Friday, May 2, 2008

41.

41 today. Chris has been gone for three and a half years. He would have been 37, but according to God’s plan, Chris is forever 34.

What’s different this year, from last year? First of all, I’m the one who designed the celebration and invited my friends to dinner, this year. As far as my birthday goes, grief is nonexistent.

I have a wish. Six, or so, of the courses I have taken at school have been taught by the same professor. I like his classes because his life experience in his work is extremely fascinating. The man works at Dana Farber Cancer Institute, which he announces at the beginning of each class, as was the case the first time I ever took one of his classes.

The second he announced his employment, I experienced a fusion in my mind. He was there, working, at the same time I was getting the news that my husband was dying.

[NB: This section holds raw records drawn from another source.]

(* Let u_j and u*_j be eigenvectors of B and B* in a Leonard system
   (B; B*; {F_i}; {F*_i}) with eigenvalues s_j and s*_j.  The vectors
   x_i = (B - s_{i-1}) ... (B - s_0) u*_0 are triangular in both eigenbases: their
   u*_j-coordinates vanish for j > i and their u_j-coordinates for j < i, the diagonal
   ones being nonzero.  Hence x_0, ..., x_d is a basis and x_i spans U_i.  As
   (B* - s*_i) x_i lies in U_{i-1} and (B - s_{i-1}) x_{i-1} = x_i, the first split
   sequence satisfies (s*_0 - s*_i) c_i = phi_i c_{i-1} for the u*_0-coordinate c_i of
   x_i, so c_d (s*_0 - s*_1) ... (s*_0 - s*_d) = phi_1 ... phi_d.  On the other hand
   x_d is the multiple (s_d - s_0) ... (s_d - s_{d-1}) a of u_d, a being the
   u_d-coordinate of u*_0, and tr (F_d F*_0) = a b with b the u*_0-coordinate of u_d.
   The theorem is this identity for Phi^Down, whose last idempotent is E_0. *)

From HB Require Import structures.
From mathcomp Require Import all_boot all_order all_algebra.
From mathcomp Require Import zify ring.
Set Implicit Arguments.
Unset Strict Implicit.
Unset Printing Implicit Defensive.
Import GRing.Theory.
Local Open Scope ring_scope.

Lemma eigenvalue_col (K : fieldType) (n : nat) (A : 'M[K]_n) (a : K) :
  eigenvalue A a -> exists2 v : 'cV_n, A *m v = a *: v & v != 0.
Proof.
rewrite /eigenvalue /eigenspace kermx_eq0 row_free_unit -unitmx_tr unitmxE.
rewrite unitfE negbK => /det0P[v v_neq0].
rewrite linearB /= tr_scalar_mx mulmxBr mul_mx_scalar => /eqP.
rewrite subr_eq0 => /eqP vA.
exists v^T; last by rewrite trmx_eq0.
by rewrite -[A]trmxK -trmx_mul vA linearZ.
Qed.

Lemma eigenvalues_eigvecs (K : fieldType) n (A : 'M[K]_n) (th : 'I_n -> K) :
  (forall j, eigenvalue A (th j)) ->
  exists u : 'I_n -> 'cV[K]_n, (forall j, A *m u j = th j *: u j) /\ (forall j, u j != 0).
Proof.
move=> th_eig.
have /fin_all_exists[u uP] : forall j, exists v : 'cV[K]_n, A *m v = th j *: v /\ v != 0.
  by move=> j; have [v] := eigenvalue_col (th_eig j); exists v.
by exists u; split=> j; case: (uP j).
Qed.

Section Coordinates.
Variables (K : fieldType) (n : nat).
Implicit Types (v : 'I_n -> 'cV[K]_n) (w : 'cV[K]_n).
Lemma sublevel_right_continuous (m : \bar R) (c0 : R) :
  (forall c, c0 < c -> (m <= P (K c))%E) -> (m <= P (K c0))%E.
Proof.
move=> Km; have -> : K c0 = \bigcap_n K (c0 + n.+1%:R^-1).
  apply/seteqP; split=> [w Kw n _|w Kw]; first by apply: sublevel_le Kw; rewrite lerDl.
  have [Ew _] := Kw 0%N I; split=> //; rewrite /preimage /= in_itv /=.
  rewrite leNgt; apply/negP => /ltr_add_invr[k]; apply/negP; rewrite -leNgt.
  by have [_] := Kw k I; rewrite /preimage /= in_itv.
apply: nonincreasing_bigcap_measure_ge => [n|n k nk|n].
- exact: measurable_sublevel.
- by apply/subsetPset/sublevel_le; rewrite lerD2l lef_pV2 ?posrE ?ler_nat.
- by apply: Km; rewrite ltrDl invr_gt0.
Qed.

Lemma strict_sublevel_le (m : \bar R) (c0 : R) :
  (forall c, c < c0 -> (P (K c) <= m)%E) -> (P (E `&` Y @^-1` `]-oo, c0[) <= m)%E.
Proof.
move=> Km; have -> : E `&` Y @^-1` `]-oo, c0[ = \bigcup_n K (c0 - n.+1%:R^-1).
  apply/seteqP; split=> [w [Ew]|w [n _ [Ew]]]; rewrite /preimage /= in_itv /=.
    move=> /ltr_add_invr[k Yk]; exists k => //; split=> //.
    by rewrite /preimage /= in_itv /= lerBrDr ltW.
  move=> Ywn; split=> //; rewrite /preimage /= in_itv /= (le_lt_trans Ywn) //.
  by rewrite ltrBlDr ltrDl.
apply: nondecreasing_bigcup_measure_le => [n|n k nk|n].
- exact: measurable_sublevel.
- by apply/subsetPset/sublevel_le; rewrite lerD2l lerN2 lef_pV2 ?posrE ?ler_nat.
- by apply: Km; rewrite ltrBlDr ltrDl invr_gt0.
Qed.

Lemma sublevel_bigcup_le (m : \bar R) :
  (forall c, P (K c) <= m)%E -> (P E <= m)%E.
Proof.
move=> Km; have -> : E = \bigcup_n K n%:R.
  apply/seteqP; split=> [w Ew|w [n _ []//]].
  have [n Yn] := exists_natr_gt_norm (Y w); exists n => //; split=> //.
  by rewrite /preimage /= in_itv /= (le_trans (ler_norm _)) ?ltW.
apply: nondecreasing_bigcup_measure_le => [n|n k nk|n] //.
- exact: measurable_sublevel.
- by apply/subsetPset/sublevel_le; rewrite ler_nat.
Qed.

Lemma sublevel_bigcap_ge (m : \bar R) :
  (forall c, m <= P (K c))%E -> (m <= 0)%E.
Proof.
move=> Km; have K0 : \bigcap_n K (- n%:R) = set0.
  apply/seteqP; split=> // w Kw; have [n Yn] := exists_natr_gt_norm (Y w).
  have [_] := Kw n I; rewrite /preimage /= in_itv /= lerNr => Ywn.
  by rewrite -normrN in Yn; move: (le_lt_trans (le_trans Ywn (ler_norm _)) Yn); rewrite ltxx.
rewrite -(measure0 P) -K0; apply: nonincreasing_bigcap_measure_ge => [n|n k nk|n] //.
- exact: measurable_sublevel.
- by apply/subsetPset/sublevel_le; rewrite lerN2 ler_nat.
Qed.

Definition quantile (m : R) : R := inf [set c | (m%:E <= P (K c))%E].

Section quantile_level.
Variable m : R.
Hypotheses (m_gt0 : 0 < m) (m_lt : (m%:E < P E)%E).

Let quantile_set_neq0 : [set c | (m%:E <= P (K c))%E] !=set0.
Proof.
apply: contrapT => /forallNP S0; move: m_lt; apply/negP; rewrite -leNgt.
by apply: sublevel_bigcup_le => c; move/negP: (S0 c); rewrite -ltNge => /ltW.
Qed.

Let quantile_set_lbound : has_lbound [set c | (m%:E <= P (K c))%E].
Proof.
have [t Kt] : exists t, (P (K t) < m%:E)%E.
  apply: contrapT => /forallNP Km; move: m_gt0; apply/negP; rewrite -leNgt -lee_fin.
  by apply: sublevel_bigcap_ge => c; move/negP: (Km c); rewrite -leNgt.
exists t => c /= Kc; rewrite leNgt; apply/negP => ct.
by move: (le_lt_trans (sublevel_measure_le (ltW ct)) Kt); rewrite ltNge Kc.
Qed.

Lemma quantile_le c : (m%:E <= P (K c))%E -> quantile m <= c.
Proof. by move=> Kc; apply: ge_inf => //; exact: quantile_set_lbound. Qed.

Lemma quantile_attained : (m%:E <= P (K (quantile m)))%E.
Proof.
apply: sublevel_right_continuous => c qc.
have [y Ky yc] := inf_lt quantile_set_neq0 qc.
exact: le_trans Ky (sublevel_measure_le (ltW yc)).
Qed.

Lemma quantile_strict_le : (P (E `&` Y @^-1` `]-oo, quantile m[) <= m%:E)%E.
Proof.
apply: strict_sublevel_le => c cq; rewrite leNgt; apply/negP => /ltW Kc.
by move: cq; rewrite ltNge quantile_le.
Qed.

End quantile_level.

End sublevel_sets.

Section value_at_risk.
Context {d} {T : measurableType d} {R : realType} (P : probability T R).
Variables (Y : T -> R) (p : R).
Hypotheses (mY : measurable_fun setT Y) (p01 : 0 < p < 1).

Let p_gt0 : 0 < p. Proof. by case/andP: p01. Qed.

Let p_lt : (p%:E < P setT)%E.
Proof. by rewrite probability_setT lte_fin; case/andP: p01. Qed.

Lemma VaR_quantile : VaR P p Y = quantile P setT Y p.
Proof. by rewrite /VaR /quantile; congr inf; apply/funext => c /=; rewrite setTI. Qed.

Lemma VaR_leP c : VaR P p Y <= c <-> (p%:E <= P (Y @^-1` `]-oo, c]))%E.
Proof.
rewrite VaR_quantile -[Y @^-1` _]setTI; split=> [vc|]; last exact: quantile_le.
apply: le_trans (quantile_attained P _ _ measurableT mY _ p_lt) _.
exact: sublevel_measure_le.
Qed.

Lemma VaR_strict_le : (P (Y @^-1` `]-oo, VaR P p Y[) <= p%:E)%E.
Proof. by rewrite VaR_quantile -[Y @^-1` _]setTI; exact: quantile_strict_le. Qed.

Lemma VaR_ge0 : (forall w, 0 <= Y w) -> 0 <= VaR P p Y.
Proof.
move=> Y0; rewrite leNgt; apply/negP => v0.
have := (VaR_leP (VaR P p Y)).1 (lexx _).
rewrite (_ : Y @^-1` _ = set0) ?measure0 ?lee_fin ?leNgt ?p_gt0 //.
apply/seteqP; split=> // w; rewrite /preimage /= in_itv /= => Yw.
by move: (le_lt_trans (le_trans (Y0 w) Yw) v0); rewrite ltxx.
Qed.

Lemma VaR_gt0 : (forall w, 0 <= Y w) -> P (Y @^-1` [set 0]) = 0%E -> 0 < VaR P p Y.
Proof.
move=> Y0 Y0_null; rewrite ltNge; apply/negP => /VaR_leP p_le.
suff : (p%:E <= 0)%E by rewrite lee_fin leNgt p_gt0.
rewrite -Y0_null; apply: le_trans p_le _; apply: le_measure; rewrite ?inE.
- exact: measurableT_preimage.
- exact: measurableT_preimage.
by move=> w; rewrite /preimage /= in_itv /= => Yw0; apply/le_anti; rewrite Yw0 Y0.
Qed.

End value_at_risk.

Section nonnegative_integrals.
Context {d} {T : measurableType d} {R : realType} (mu : {measure set T -> \bar R}).
Implicit Types u v : T -> R.

Lemma ge0_integralD_EFin u v :
  measurable_fun setT u -> measurable_fun setT v ->
  (forall w, 0 <= u w) -> (forall w, 0 <= v w) ->
  (\int[mu]_w (u w + v w)%:E = \int[mu]_w (u w)%:E + \int[mu]_w (v w)%:E)%E.
Proof.
move=> mfu mfv u0 v0; under eq_integral do rewrite EFinD.
by apply: ge0_integralD => // [w _||w _|]; rewrite ?lee_fin //; exact/measurable_EFinP.
Qed.

Lemma ge0_le_integral_EFin u v :
  measurable_fun setT u -> measurable_fun setT v ->
  (forall w, 0 <= u w) -> (forall w, u w <= v w) ->
  (\int[mu]_w (u w)%:E <= \int[mu]_w (v w)%:E)%E.
Proof.
move=> mfu mfv u0 uv.
by apply: ge0_le_integral => // [w _|||w _]; rewrite ?lee_fin //; exact/measurable_EFinP.
Qed.

Lemma ge0_integralZl_EFinM (k : R) u :
  0 <= k -> measurable_fun setT u -> (forall w, 0 <= u w) ->
  (\int[mu]_w (k * u w)%:E = k%:E * \int[mu]_w (u w)%:E)%E.
Proof.
move=> k0 mfu u0; under eq_integral do rewrite EFinM.
by apply: ge0_integralZl_EFin => // [w _|]; rewrite ?lee_fin //; exact/measurable_EFinP.
Qed.

Lemma integral_scaled_indic (k : R) (A : set T) :
  0 <= k -> measurable A -> (\int[mu]_w (k * \1_A w)%:E = k%:E * mu A)%E.
Proof.
by move=> k0 mA; rewrite ge0_integralZl_EFinM ?integral_indic ?setIT //; exact: measurable_indic.
Qed.

End nonnegative_integrals.

Section neyman_pearson.
Context {d} {T : measurableType d} {R : realType} (P : probability T R).

Lemma exists_preimage_measure (X : T -> R) (E : set T) (m : R) :
  measurable_fun setT X -> measurable E ->
  (forall t, P (X @^-1` [set t]) = 0%E) -> 0 <= m -> (m%:E <= P E)%E ->
  exists2 B : set R, measurable B & P (E `&` X @^-1` B) = m%:E.
Proof.
move=> mX mE X_atomless m_ge0 mPE.
have [->|m_neq0] := eqVneq m 0.
  by exists set0; rewrite // preimage_set0 setI0 measure0.
have [->|PE_neqm] := eqVneq (m%:E) (P E).
  by exists setT; rewrite // preimage_setT setIT.
have m_gt0 : 0 < m by rewrite lt_neqAle eq_sym m_neq0.
have m_lt : (m%:E < P E)%E by rewrite lt_neqAle PE_neqm.
set c := quantile P E X m.
exists [set` `]-oo, c]]; first exact: measurable_itv.
apply/le_anti; rewrite quantile_attained // andbT.
have mlt : measurable (E `&` X @^-1` `]-oo, c[) by exact/measurableI/measurableT_preimage.
have mc : measurable (X @^-1` [set c]) by exact: measurableT_preimage.
apply: (@le_trans _ _ (P ((E `&` X @^-1` `]-oo, c[) `|` X @^-1` [set c]))).
  apply: le_measure; rewrite ?inE; [exact: measurable_sublevel|exact: measurableU|].
  move=> w [Ew]; rewrite /preimage /= in_itv /= le_eqVlt => /orP[/eqP ->|Xc].
    by right.
  by left; split=> //; rewrite /preimage /= in_itv.
apply: le_trans (probabilityU2 P mlt mc) _.
by rewrite X_atomless adde0 quantile_strict_le.
Qed.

I’m not sure what that means. Something psychological happened and I’d like to understand what that something is. Transference? I don’t know. I’m not opposed to asking him, as long as I can do so sans emotion. A simple e-mail would take care of that end of things. His job, in my world, is professor, not therapist. The trouble is that because he is a therapist outside of his teaching job, I keep feeling a pull toward him. I suppose there are worse things in life than recruiting my professor to lend a little bit of his day-life expertise to me. He offered his help in the past when I asked about missing class to attend a grief-support group.

That’s my very simple wish, easily granted if I choose to request.

Beyond that, my grief is manageable. The guilt I feel about my grief being manageable causes me 2nd-tier grief...or should I say 2nd “tear” grief.

Happy Birthday Me

3 comments:

  1. Anonymous10:41 AM

    May 2 was happy birthday to me, too, the first without my husband.

    I really enjoy your blog.

    ReplyDelete
  2. I'm very sorry for your loss, DM. I hope my experiences help you, in some way, on your own journey. It's not an easy one, but it, and life, can be rewarding, again.

    Take care of yourself, at every turn.

    Shneed

    ReplyDelete
  3. Anonymous10:54 AM

    Your experiences do help, thank you. It's definitely an individual journey, but it's always helpful to me to see how those a little further along have traveled it. Thanks for sharing it.